# Sunday's Tuna Were Large & In Charge!



## CajunOdysea (Aug 12, 2011)

Venice Offshore Yellowfin Tuna fishing continues to be world class. Not only does the size of these Yellow Fin Tuna make me say world class, but the distance to these fish is less than 30 miles from Venice Marina. Combined with the very cool visual way we target these fish makes the experience a lasting impression.

Saturday night I spent most of the night swapping from 30TW’s to 50 and 80 wides. I sharpened all the saws and went to bed dreaming about the morning to come. I knew if we only saw ½ what we had seen the day before it was going to be awesome.

We departed Venice Marina and I slammed the Yammies all the way, she roared up to 5700rpm and we were cruising down the pass with a light glow of morning sun at 58mph. as we broke out into the gulf it was slick calm, I never stood up or touched the throttles, we rocked to the same area and we were fishing with the sun just breaking above the horizon.

First boat was the mother load, it was one stop shopping. As we pulled into position we threw some cut chum right onto the port side of the shrimping vessel and hollered “There they are", someone get a hook into the water.
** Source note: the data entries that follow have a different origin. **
Lemma is_RInt_gen_of_bounded f B :
  (forall a b, 0 < a -> a <= b -> ex_RInt f a b) ->
  (forall x, 0 < x -> 0 <= f x) ->
  (forall a b, 0 < a -> a <= b -> RInt f a b <= B) ->
  exists L, is_RInt_gen f (at_right 0) (Rbar_locally p_infty) L /\
    forall a b, 0 < a -> a <= b -> RInt f a b <= L.
Proof.
  intros Hex Hf HB.
  set (E := fun y => exists a b, 0 < a /\ a <= b /\ y = RInt f a b).
  destruct (completeness E) as [L [Hub Hlub]].
  { exists B. intros y [a [b [ha [hab ->]]]]. apply HB; auto. }
  { exists (RInt f 1 1), 1, 1. repeat split; lra. }
  assert (Hup : forall a b, 0 < a -> a <= b -> RInt f a b <= L).
  { intros a b ha hab. apply Hub. exists a, b; auto. }
  exists L. split; [|exact Hup].
  intros P [eps HP].
  assert (Hclose : exists a0 b0, 0 < a0 /\ a0 <= b0 /\ L - eps < RInt f a0 b0).
  { apply NNPP. intros Hn.
    assert (L <= L - eps); [|destruct eps; simpl in *; lra].
    apply Hlub. intros y [a [b [ha [hab ->]]]].
    apply Rnot_lt_le. intros h. apply Hn. exists a, b; auto. }
  destruct Hclose as [a0 [b0 [ha0 [hab0 Hlt]]]].
  apply (Filter_prod _ _ _ (fun a => 0 < a < a0) (fun b => b0 < b)).
  - apply at_right_0_lt, ha0.
  - exists b0. auto.
  - intros a b [ha hab] hb. simpl. exists (RInt f a b). split.
    + apply (@RInt_correct R_CompleteNormedModule), Hex; lra.
    + apply HP, ball_R_iff.
      assert (Hsplit : RInt f a b = RInt f a a0 + RInt f a0 b0 + RInt f b0 b).
      { rewrite <- (RInt_Chasles f a a0 b), <- (RInt_Chasles f a0 b0 b) by (apply Hex; lra).
        unfold plus; simpl; ring. }
      assert (0 <= RInt f a a0).
      { apply RInt_ge_0; [lra | apply Hex; lra | intros; apply Hf; lra]. }
      assert (0 <= RInt f b0 b).
      { apply RInt_ge_0; [lra | apply Hex; lra | intros; apply Hf; lra]. }
      pose proof (Hup a b ha ltac:(lra)).
      lra.
Qed.

Definition gamma_integrand (s t : R) : R := Rpower t (s - 1) * exp (- t).

Lemma gamma_integrand_pos s t : 0 < gamma_integrand s t.
Proof. apply Rmult_lt_0_compat; apply exp_pos. Qed.

Lemma ex_RInt_gamma_integrand s a b : 0 < a -> a <= b -> ex_RInt (gamma_integrand s) a b.
Proof.
  intros ha hab. apply (@ex_RInt_continuous R_CompleteNormedModule). intros t ht.
  rewrite Rmin_left in ht by lra.
  apply (ex_derive_continuous (gamma_integrand s)).
  unfold gamma_integrand, Rpower. auto_derive. lra.
Qed.

Lemma gamma_integrand_succ s t : 0 < t -> gamma_integrand (s + 1) t = t * gamma_integrand s t.
Proof.
  intros ht. unfold gamma_integrand, Rpower.
  replace (s + 1 - 1) with ((s - 1) + 1) by ring.
  rewrite Rmult_plus_distr_r, Rmult_1_l, exp_plus, exp_ln by exact ht. ring.
Qed.

Lemma is_derive_gamma_integrand_succ s t : 0 < t ->
  is_derive (gamma_integrand (s + 1)) t (s * gamma_integrand s t - gamma_integrand (s + 1) t).
Proof.
  intros ht. rewrite (gamma_integrand_succ s t ht).
  unfold gamma_integrand, Rpower. auto_derive; [lra|].
  replace (s + 1 - 1) with ((s - 1) + 1) by ring.
  rewrite (Rmult_plus_distr_r (s - 1) 1 (ln t)), (Rmult_1_l (ln t)), exp_plus, exp_ln by exact ht.
  field. lra.
Qed.

Lemma exp_le_compat x y : x <= y -> exp x <= exp y.
Proof. intros [h | ->]; [left; apply exp_increasing, h | right; reflexivity]. Qed.

Lemma ln_le_2sqrt t : 0 < t -> ln t <= 2 * sqrt t.
Proof.
  intros ht. assert (hs : 0 < sqrt t) by (apply sqrt_lt_R0; lra).
  rewrite <- (sqrt_sqrt t) at 1 by lra. rewrite ln_mult by lra.
  pose proof (exp_ineq1_le (ln (sqrt t))) as Hexp. rewrite exp_ln in Hexp by lra. lra.
Qed.

(* [(s - 1) ln t <= 2 (s - 1) sqrt t <= 2 (s - 1)^2 + t / 2]. *)
Lemma gamma_integrand_le s t : 1 <= s -> 0 < t ->
  gamma_integrand s t <= exp (2 * (s - 1) ^ 2) * exp (- t / 2).
Proof.
  intros hs ht. unfold gamma_integrand, Rpower. rewrite <- !exp_plus.
  apply exp_le_compat.
  assert (Hsq : sqrt t * sqrt t = t) by (apply sqrt_sqrt; lra).
  assert ((s - 1) * ln t <= (s - 1) * (2 * sqrt t)).
  { apply Rmult_le_compat_l; [lra | apply ln_le_2sqrt, ht]. }
  pose proof (pow2_ge_0 (sqrt t - 2 * (s - 1))). nra.
Qed.

Lemma gamma_integrand_lim_0 s : 2 <= s ->
  filterlim (gamma_integrand s) (at_right 0) (locally 0).
Proof.
  intros hs. apply filterlim_locally. intros eps.
  assert (hd : 0 < Rmin eps 1) by (apply Rmin_glb_lt; [apply cond_pos | lra]).
  apply (filter_imp (fun t => 0 < t < Rmin eps 1)); [|apply at_right_0_lt, hd].
  intros t ht. apply ball_R_iff.
  pose proof (Rmin_l eps 1). pose proof (Rmin_r eps 1).
  assert (ln t <= 0) by (rewrite <- ln_1; apply ln_le; lra).
  assert (Rpower t (s - 1) <= t).
  { unfold Rpower. rewrite <- (exp_ln t) at 2 by lra. apply exp_le_compat. nra. }
  assert (exp (- t) <= 1) by (rewrite <- exp_0; apply exp_le_compat; lra).
  pose proof (exp_pos (- t)). pose proof (gamma_integrand_pos s t).
  unfold gamma_integrand in *. nra.
Qed.

Lemma gamma_integrand_lim_infty s : 1 <= s ->
  filterlim (gamma_integrand s) (Rbar_locally p_infty) (locally 0).
Proof.
  intros hs. apply filterlim_locally. intros eps.
  exists (Rmax 1 (2 * (2 * (s - 1) ^ 2 - ln eps))). intros t ht.
  pose proof (Rmax_l 1 (2 * (2 * (s - 1) ^ 2 - ln eps))).
  pose proof (Rmax_r 1 (2 * (2 * (s - 1) ^ 2 - ln eps))).
  apply ball_R_iff.
  assert (gamma_integrand s t < eps).
  { eapply Rle_lt_trans; [apply gamma_integrand_le; lra|].
    rewrite <- exp_plus, <- (exp_ln eps) by apply cond_pos.
    apply exp_increasing. lra. }
  pose proof (gamma_integrand_pos s t). lra.
Qed.

Lemma RInt_exp_half C a b : a <= b ->
  RInt (fun t => C * exp (- t / 2)) a b = 2 * C * (exp (- a / 2) - exp (- b / 2)).
Proof.
  intros hab.
  rewrite (is_RInt_unique _ a b (minus (-2 * C * exp (- b / 2)) (-2 * C * exp (- a / 2)))).
  - unfold minus, plus, opp; simpl. ring.
  - apply (@is_RInt_derive R_CompleteNormedModule (fun t => -2 * C * exp (- t / 2))).
    + intros t _. auto_derive; [auto | unfold Rdiv; field].
    + intros t _. apply (ex_derive_continuous (fun t => C * exp (- t / 2))). auto_derive. auto.
Qed.

(* The partial integrals are bounded by those of [exp (2 (s-1)^2) exp (-t/2)]. *)
Lemma is_RInt_gen_Gamma_sup s : 1 <= s ->
  is_RInt_gen (gamma_integrand s) (at_right 0) (Rbar_locally p_infty) (Gamma s) /\
  forall a b, 0 < a -> a <= b -> RInt (gamma_integrand s) a b <= Gamma s.
Proof.
  intros hs. set (C := exp (2 * (s - 1) ^ 2)).
  destruct (is_RInt_gen_of_bounded (gamma_integrand s) (2 * C)) as [L [HL Hle]].
  - intros; apply ex_RInt_gamma_integrand; auto.
  - intros; left; apply gamma_integrand_pos.
  - intros a b ha hab.
    apply Rle_trans with (RInt (fun t => C * exp (- t / 2)) a b).
    + apply RInt_le; [exact hab | apply ex_RInt_gamma_integrand; auto | |].
      * apply (@ex_RInt_continuous R_CompleteNormedModule). intros t _.
        apply (ex_derive_continuous (fun t => C * exp (- t / 2))). auto_derive. auto.
      * intros t ht. apply gamma_integrand_le; lra.
    + rewrite RInt_exp_half by exact hab.
      assert (exp (- a / 2) <= 1) by (rewrite <- exp_0; apply exp_le_compat; lra).
      pose proof (exp_pos (- b / 2)). pose proof (exp_pos (2 * (s - 1) ^ 2)). unfold C. nra.
  - replace (Gamma s) with L by (symmetry; apply is_RInt_gen_unique, HL).
    split; assumption.
Qed.

Lemma is_RInt_gen_Gamma s : 1 <= s ->
  is_RInt_gen (gamma_integrand s) (at_right 0) (Rbar_locally p_infty) (Gamma s).
Proof. intros hs. apply is_RInt_gen_Gamma_sup, hs. Qed.

Lemma Gamma_pos s : 1 <= s -> 0 < Gamma s.
Proof.
  intros hs. destruct (is_RInt_gen_Gamma_sup s hs) as [_ Hle].
  apply Rlt_le_trans with (RInt (gamma_integrand s) 1 2); [|apply Hle; lra].
  apply Rlt_le_trans with (RInt (fun _ => exp (-2)) 1 2).
  - rewrite (@RInt_const R_CompleteNormedModule). unfold scal; simpl; unfold mult; simpl.
    apply Rmult_lt_0_compat; [lra | apply exp_pos].
  - apply RInt_le; [lra | apply ex_RInt_const | apply ex_RInt_gamma_integrand; lra |].
    intros t ht. unfold gamma_integrand, Rpower.
    assert (0 <= ln t) by (rewrite <- ln_1; apply ln_le; lra).
    assert (1 <= exp ((s - 1) * ln t)).
    { rewrite <- exp_0 at 1. apply exp_le_compat, Rmult_le_pos; lra. }
    assert (exp (-2) <= exp (- t)) by (apply exp_le_compat; lra).
    pose proof (exp_pos (-2)). nra.
Qed.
We had 2 anglers ready, belts had been properly fitted, instructions given on what a bite feels like and what to do when the fish takes off. This time, this morning we were ready!! Sure nuf here they come cruising through the slick, they were large and in charge.

We saw an estimated 100 Jumbo YF Tuna. Now, just to tell you how stellar that is, on most days we visually spot, watch and see about 10 up to 20 if you are lucky….AND on a bunch of days you will only see 2 or 3 and then some days none at all……. So, now do you see how stellar the visual is?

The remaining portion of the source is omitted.